Tuesday, March 24, 2015

Another one of Christie's many cronies takes a powder

A little red paint dresses up this building on Hudson Street in Hackensack.



By VICTOR E. SASSON
EDITOR

How many key Christie administration officials once worked for the GOP bully when he was the crime-busting U.S. attorney for New Jersey?

You'd expect The Record to have informed readers long ago about the large number of cronies who got jobs from Governor Christie, but the editors don't sweat the details.

After all, they just got around to tallying the 300-plus vetoes he's used to get his way since he took office more than five years ago and inherited a Democratic-controlled state Legislature.

Sandy aide

Now, Richard Constable is stepping down as Christie's commissioner of the Department of Community Affairs, the agency that is taking all the heat for screwing up the recovery from Superstorm Sandy (A-3). 

Constable is a former federal prosecutor who worked for Christie in the U.S. Attorney's Office in Newark. 

Staff Writer Melissa Hayes actually wrote Constable worked with Christie [italics added]. 

And the reporter neglected to tell readers how much Constable is paid and how much more he will be making in the private sector. 

I guess that information wasn't in the press release she rewrote.

Constable is one of the many former assistant U.S. attorneys who got jobs from Christie, even though a good prosecutor doesn't necessarily know anything about being a good administrator.

I was shocked to see by the photo on A-3 today that Constable is black, because minorities complained the state's Sandy recovery program discriminated against them.

Fire series flaws

Today's front page carries the last of three parts of "AFTER THE FIRE," focusing on Englewood and Paterson families "coping after disaster" (A-1).

The poorly edited series neglected to emphasize some basics of fire safety, including the importance of smoke detectors, as was evident in the Brooklyn fire that killed seven children early Saturday.

Editor Martin Gottlieb just threw tens of thousands of words and some photos at readers, neglecting to break out some basic fire-safety rules in a graphic or box.

This from a former editor at The New York Times. Sheesh!

Elizabeth Branch

The best story on Page 1 today is by transportation reporter Christopher Maag, who interviewed Elizabeth Branch at a party celebrating her 50th anniversary as a Port Authority toll taker (A-1 and A-6).

Maag answers a natural question: 

How could Branch, of Bergenfield, love a job that forced her to breath in fumes for 50 years?

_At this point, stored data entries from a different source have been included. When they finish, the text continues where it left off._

Lemma lcoefz_Psi N lo k :
  lo <= - N%:Z -> lcoefz (Psi c N) k = expmul 'C(N, 2)%:R lo (schur_coef c N) k.
Proof.
move=> hlo; rewrite /Psi lcoefz_lmulC Psi_exponent (@lcoefz_lmul_lexp _ _ _ lo).
  by apply: eq_expmul => q; rewrite lcoefz_schur_row.
by move=> q hq; rewrite lcoefz_schur_row (vanish_below_schur_coef c hlo).
Qed.

Lemma vanish_below_Psi N lo : lo <= - N%:Z -> vanish_below (lcoefz (Psi c N)) lo.
Proof.
move=> hlo q hq; rewrite (lcoefz_Psi _ hlo).
exact: vanish_below_expmul (vanish_below_schur_coef c hlo) _ hq.
Qed.

Lemma lcoefz_y_Psi N lo k : lo <= - N%:Z ->
  lcoefz (op_y (Psi c) N) k = expmul 'C(N, 2)%:R lo (fun q => N%:R * schur_coef c N (q - 1)) k.
Proof.
move=> hlo; rewrite lcoefz_op_y (lcoefz_Psi _ hlo) expmulZ -expmul_shift //.
exact: vanish_below_schur_coef.
Qed.

Lemma vanish_below_y_Psi N lo : lo <= - N%:Z -> vanish_below (lcoefz (op_y (Psi c) N)) lo.
Proof. by move=> hlo q hq; rewrite lcoefz_op_y (vanish_below_Psi hlo) ?mulr0 //; lia. Qed.

Lemma lcoefz_iter_xey_Psi n M lo q : (n <= M)%N -> lo <= - M%:Z ->
  lcoefz (iter n (@op_xey F) (Psi c) M) q = expmul 'C(M, 2)%:R lo (schur_coef c (M - n)) q.
Proof.
elim: n M q => [|n IH] M q le_nM hlo; first by rewrite /= subn0 (lcoefz_Psi _ hlo).
case: M le_nM hlo => [|M] // le_nM hlo.
have vanish_schur : vanish_below (schur_coef c (M - n)) lo.
  by apply: vanish_below_schur_coef; lia.
rewrite iterS (@lcoefz_op_xey _ _ _ lo); last first.
  by move=> q' hq'; rewrite IH; [exact: vanish_below_expmul vanish_schur _ hq'|lia|lia].
rewrite (@eq_expmul _ _ _ _ (expmul 'C(M, 2)%:R lo (schur_coef c (M - n)))); last first.
  by move=> q'; apply: IH; lia.
by rewrite expmulA // natr_bin2S subSS.
Qed.

Lemma lcoefz_eyN1_xinv_y_Psi N k :
  lcoefz (op_ey (-1) (op_xinv (op_y (Psi c))) N) k =
  expmul 'C(N, 2)%:R (- N.+1%:Z) (fun q => N.+1%:R * schur_coef c N.+1 (q - 1)) k.
Proof.
rewrite (@lcoefz_op_eyN1 _ _ _ (- N.+1%:Z)); last exact: vanish_below_y_Psi.
rewrite /op_xinv (eq_expmul _ _ _ (fun q => lcoefz_y_Psi q (lexx _))) expmulA //.
  by rewrite -natr_bin2S addKr.
by move=> q hq; rewrite (@vanish_below_schur_coef _ c N.+1 (- N.+1%:Z)) ?mulr0 //; lia.
Qed.

Lemma lcoefz_xey_y_Psi N k :
  lcoefz (op_xey (op_y (Psi c)) N) k =
  expmul 'C(N, 2)%:R (- N.+1%:Z) (fun q => (N - 1)%N%:R * schur_coef c (N - 1)%N (q - 1)) k.
Proof.
case: N => [|N].
  rewrite /op_xey /op_x lcoefz0 (@eq_expmul _ _ _ _ (fun _ => 0)) ?expmul0 //.
  by move=> q; rewrite sub0n mul0r.
rewrite (@lcoefz_op_xey _ _ _ (- N.+2%:Z)); last by apply: vanish_below_y_Psi; lia.
rewrite (@eq_expmul _ _ _ _ (expmul 'C(N, 2)%:R (- N.+2%:Z) (fun q => N%:R * schur_coef c N (q - 1)))); last first.
  by move=> q; apply: lcoefz_y_Psi; lia.
rewrite expmulA ?natr_bin2S ?subn1 // => q hq.
by rewrite (@vanish_below_schur_coef _ c N (- N.+2%:Z)) ?mulr0 //; lia.
Qed.

Lemma Psi_geom2_equation :
  xzero (xadd (op_xey (op_geom2 c (Psi c))) (xopp (op_y (Psi c)))).
Proof.
move=> N k; rewrite /xadd /xopp lcoefzD lcoefzN.
case: N => [|N]; first by rewrite /op_xey /op_x lcoefz0 lcoefz_op_y mul0r oppr0 addr0.
set lo := - N.+1%:Z.
pose h q := N.+1%:R * schur_coef c N.+1 (q - 1).
have vanish_h : vanish_below h lo.
  by move=> q hq; rewrite /h (@vanish_below_schur_coef _ c N.+1 lo) ?mulr0 //; rewrite /lo in hq *; lia.
have geom2_Psi q : lcoefz (op_geom2 c (Psi c) N) q = expmul 'C(N, 2)%:R lo h q.
  rewrite /op_geom2 lcoefz_lsum iota0E.
  under eq_big_nat => n /andP[_ lt_nN].
    rewrite lcoefzZ (@lcoefz_iter_xey_Psi n N lo q) -?expmulZ; [|lia|rewrite /lo; lia].
  over.
  rewrite -expmul_sum; apply: eq_expmul => q'.
  apply: (@geom2_inv_sum _ c (fun M => schur_coef c M q') (fun M => M%:R * schur_coef c M (q' - 1))).
  - by rewrite mul0r.
  - by move=> M; rewrite (schur_coef_rec c charF0) !mulrA.
rewrite (@lcoefz_op_xey _ _ _ lo); last first.
  by move=> q hq; rewrite geom2_Psi; exact: vanish_below_expmul vanish_h _ hq.
rewrite (eq_expmul _ _ _ geom2_Psi) expmulA // natr_bin2S.
by rewrite (@lcoefz_y_Psi N.+1 lo) ?subrr //; rewrite /lo; lia.
Qed.

Lemma Psi_quantum_curve :
  xzero (xadd (Psi c)
           (xopp (xadd (xadd (op_ey (-1) (op_xinv (op_y (Psi c))))
                             (xscale (- (2 * c)) (op_y (Psi c))))
                       (xscale (c ^+ 2) (op_xey (op_y (Psi c))))))).
Proof.
move=> N k; rewrite /xadd /xopp /xscale !lcoefzD lcoefzN !lcoefzD !lcoefzZ.
rewrite (@lcoefz_Psi N (- N.+1%:Z)); last lia.
rewrite lcoefz_eyN1_xinv_y_Psi lcoefz_xey_y_Psi (@lcoefz_y_Psi N (- N.+1%:Z)); last lia.
rewrite -!expmulZ -expmulD -expmulD -expmulN -expmulD.
rewrite (@eq_expmul _ _ _ _ (fun _ => 0)) ?expmul0 // => q /=.
by rewrite (schur_coef_rec c charF0 N q); ring.
Qed.

End WaveFunction.

Lemma Psi_hurwitz_equation (F : fieldType) (charF0 : [pchar F] =i pred0) :
  xzero (xadd (op_ey (-1) (op_xinv (op_y (Psi (0 : F))))) (xopp (Psi (0 : F)))).
Proof.
move=> N k; have := Psi_quantum_curve 0 charF0 N k.
rewrite /xadd /xopp /xscale !lcoefzD !lcoefzN !lcoefzD !lcoefzZ.
rewrite mulr0 oppr0 !mul0r expr0n /= mul0r !addr0 => /eqP; rewrite subr_eq0 => /eqP ->.
exact: subrr.
Qed.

"The air is fresher," said the queen of the midnight shift.


2 comments:

  1. Timothy Lloyd appointed officer in charge of Hackensack police. Did you report on this?

    ReplyDelete
    Replies
    1. I saw the story in the paper. Do you have a comment? I didn't know the city would eventually be hiring a new chief, and don't understand why the department can't be led by a "civilian" director, especially a veteran cop like Mike Mordaga.